(Extracted information Opens)
(* Let $A$ be an associative algebra over a field $K$ with $A_0=\{0\}$. Then every weak multiplier of $A$ is a linear multiplier: $M(A)=M'(A)=LM(A)=LM'(A)$.
   Context: A map $T:A\to A$ (not assumed linear) is a weak multiplier if $xT(y)=T(x)y$ for all $x,y\in A$, and a multiplier if $xT(y)=T(xy)=T(x)y$ for all $x,y\in A$. $M(A)$, $M'(A)$ are the sets of multipliers and weak multipliers; $LM(A)$, $LM'(A)$ their subsets of $K$-linear maps. $A_0=\mathrm{Ann}_l(A)\cap\mathrm{Ann}_r(A)$ with $\mathrm{Ann}_l(A)=\{a: ax=0\ \forall x\}$, $\mathrm{Ann}_r(A)=\{a: xa=0\ \forall x\}$. *)

(* A (possibly non-unital) associative algebra over a field K
   is modelled as a K-vector space A (lmodType K) with a bilinear associative
   multiplication mul : A -> A -> A. *)
From mathcomp Require Import all_boot all_order all_algebra.
Set Implicit Arguments. Unset Strict Implicit. Unset Printing Implicit Defensive.
Import GRing.Theory.
Local Open Scope ring_scope.

Definition assoc_algebra_mul (K : fieldType) (A : lmodType K) (mul : A -> A -> A) : Prop :=
  [/\ (forall x y z, mul x (mul y z) = mul (mul x y) z),
      (forall x y z, mul (x + y) z = mul x z + mul y z),
      (forall x y z, mul x (y + z) = mul x y + mul x z),
      (forall (k : K) x y, mul (k *: x) y = k *: mul x y)
    & (forall (k : K) x y, mul x (k *: y) = k *: mul x y)].

Definition ann_l (K : fieldType) (A : lmodType K) (mul : A -> A -> A) (a : A) : Prop :=
  forall x, mul a x = 0.
Definition ann_r (K : fieldType) (A : lmodType K) (mul : A -> A -> A) (a : A) : Prop :=
  forall x, mul x a = 0.
Definition in_A0 (K : fieldType) (A : lmodType K) (mul : A -> A -> A) (a : A) : Prop :=
  ann_l mul a /\ ann_r mul a.

Definition weak_multiplier (K : fieldType) (A : lmodType K) (mul : A -> A -> A)
  (T : A -> A) : Prop :=
  forall x y, mul x (T y) = mul (T x) y.
Definition multiplier (K : fieldType) (A : lmodType K) (mul : A -> A -> A)
  (T : A -> A) : Prop :=
  forall x y, mul x (T y) = T (mul x y) /\ T (mul x y) = mul (T x) y.

Definition K_linear (K : fieldType) (A : lmodType K) (T : A -> A) : Prop :=
  (forall x y, T (x + y) = T x + T y) /\ (forall (k : K) x, T (k *: x) = k *: T x).

Definition lin_multiplier (K : fieldType) (A : lmodType K) (mul : A -> A -> A)
  (T : A -> A) : Prop := multiplier mul T /\ K_linear T.
Definition lin_weak_multiplier (K : fieldType) (A : lmodType K) (mul : A -> A -> A)
  (T : A -> A) : Prop := weak_multiplier mul T /\ K_linear T.

(* The whole argument rests on one observation: when A_0 = 0, an element of A
   is determined by its left and right products with all elements of A
   ([mul_separates]).  For a weak multiplier T this gives a criterion for
   computing T u: it suffices to exhibit v whose products with every w agree
   with u (T w) on the left and (T w) u on the right ([weak_multiplier_eq]).
   Applying the criterion to v = (T x) y, T x + T y and k T x shows that a weak
   multiplier satisfies T (x y) = (T x) y and is K-linear.  Since every
   multiplier is trivially a weak multiplier, all four classes coincide. *)
From mathcomp Require Import all_boot all_order all_algebra.
Set Implicit Arguments. Unset Strict Implicit. Unset Printing Implicit Defensive.
Local Open Scope ring_scope.
Import GRing.Theory.

Lemma additive_sub {U V : zmodType} (f : U -> V) :
  {morph f : x y / x + y} -> forall x y, f (x - y) = f x - f y.
Proof.
move=> fD x y.
have f0 : f 0 = 0 by apply: (addrI (f 0)); rewrite -fD !addr0.
have fN : f (- y) = - f y by apply: (addrI (f y)); rewrite -fD !subrr.
by rewrite fD fN.
Qed.

Section WeakMultipliers.
Variables (K : fieldType) (A : lmodType K) (mul : A -> A -> A).
Hypothesis Halg : assoc_algebra_mul mul.

Let mulA x y z : mul x (mul y z) = mul (mul x y) z.
Proof. by case: Halg. Qed.
Let mulDl x y z : mul (x + y) z = mul x z + mul y z.
Proof. by case: Halg. Qed.
Let mulDr x y z : mul x (y + z) = mul x y + mul x z.
Proof. by case: Halg. Qed.
Let mulZl (k : K) x y : mul (k *: x) y = k *: mul x y.
Proof. by case: Halg. Qed.
Let mulZr (k : K) x y : mul x (k *: y) = k *: mul x y.
Proof. by case: Halg. Qed.

Lemma multiplier_weak (T : A -> A) : multiplier mul T -> weak_multiplier mul T.
Proof. by move=> MT x y; case: (MT x y) => -> ->. Qed.

Hypothesis HA0 : forall a : A, in_A0 mul a -> a = 0.

(* With A_0 = 0, elements with the same left and right products are equal:
   their difference lies in A_0. *)
Lemma mul_separates (u v : A) :
  (forall w, mul u w = mul v w) -> (forall w, mul w u = mul w v) -> u = v.
Proof.
move=> eq_l eq_r; apply/eqP; rewrite -subr_eq0; apply/eqP/HA0; split=> w.
- by rewrite (additive_sub (fun x y => mulDl x y w)) eq_l subrr.
- by rewrite (additive_sub (mulDr w)) eq_r subrr.
Qed.

Variable T : A -> A.
Hypothesis weakT : weak_multiplier mul T.

Lemma weak_multiplier_eq (u v : A) :
  (forall w, mul v w = mul u (T w)) -> (forall w, mul w v = mul (T w) u) ->
  T u = v.
Proof. by move=> eq_l eq_r; apply: mul_separates => w; rewrite ?eq_l ?eq_r weakT. Qed.

Lemma weak_multiplier_mull (x y : A) : T (mul x y) = mul (T x) y.
Proof.
apply: weak_multiplier_eq => w.
- by rewrite -weakT -mulA -weakT mulA.
- by rewrite mulA weakT mulA.
Qed.

Lemma weak_multiplier_multiplier : multiplier mul T.
Proof. by move=> x y; rewrite weak_multiplier_mull weakT. Qed.

Lemma weak_multiplier_linear : K_linear T.
Proof.
split=> [x y | k x]; apply: weak_multiplier_eq => w.
- by rewrite mulDl -!weakT mulDl.
- by rewrite mulDr !weakT mulDr.
- by rewrite mulZl -!weakT mulZl.
- by rewrite mulZr !weakT mulZr.
Qed.

End WeakMultipliers.

Theorem proposition5p1 (K : fieldType) (A : lmodType K) (mul : A -> A -> A)
  (Halg : assoc_algebra_mul mul)
  (HA0 : forall a : A, in_A0 mul a -> a = 0) :
  forall T : A -> A,
    (multiplier mul T <-> weak_multiplier mul T) /\
    (weak_multiplier mul T <-> lin_multiplier mul T) /\
    (lin_multiplier mul T <-> lin_weak_multiplier mul T).
Proof.
move=> T.
have weak_lin : weak_multiplier mul T -> lin_multiplier mul T.
  by move=> W; split; [exact: (weak_multiplier_multiplier Halg HA0 W)
                    | exact: (weak_multiplier_linear Halg HA0 W)].
split; first by split=> [/multiplier_weak | /weak_lin []].
split; first by split=> [// | [/multiplier_weak]].
by split=> [[/multiplier_weak] | [/weak_lin]].
Qed.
(Extracted information Closes)
About this task
Look through the entries above, find each line containing "subrr", and copy it.

Answer to the exercise
have fN : f (- y) = - f y by apply: (addrI (f y)); rewrite -fD !subrr.
- by rewrite (additive_sub (fun x y => mulDl x y w)) eq_l subrr.
- by rewrite (additive_sub (mulDr w)) eq_r subrr.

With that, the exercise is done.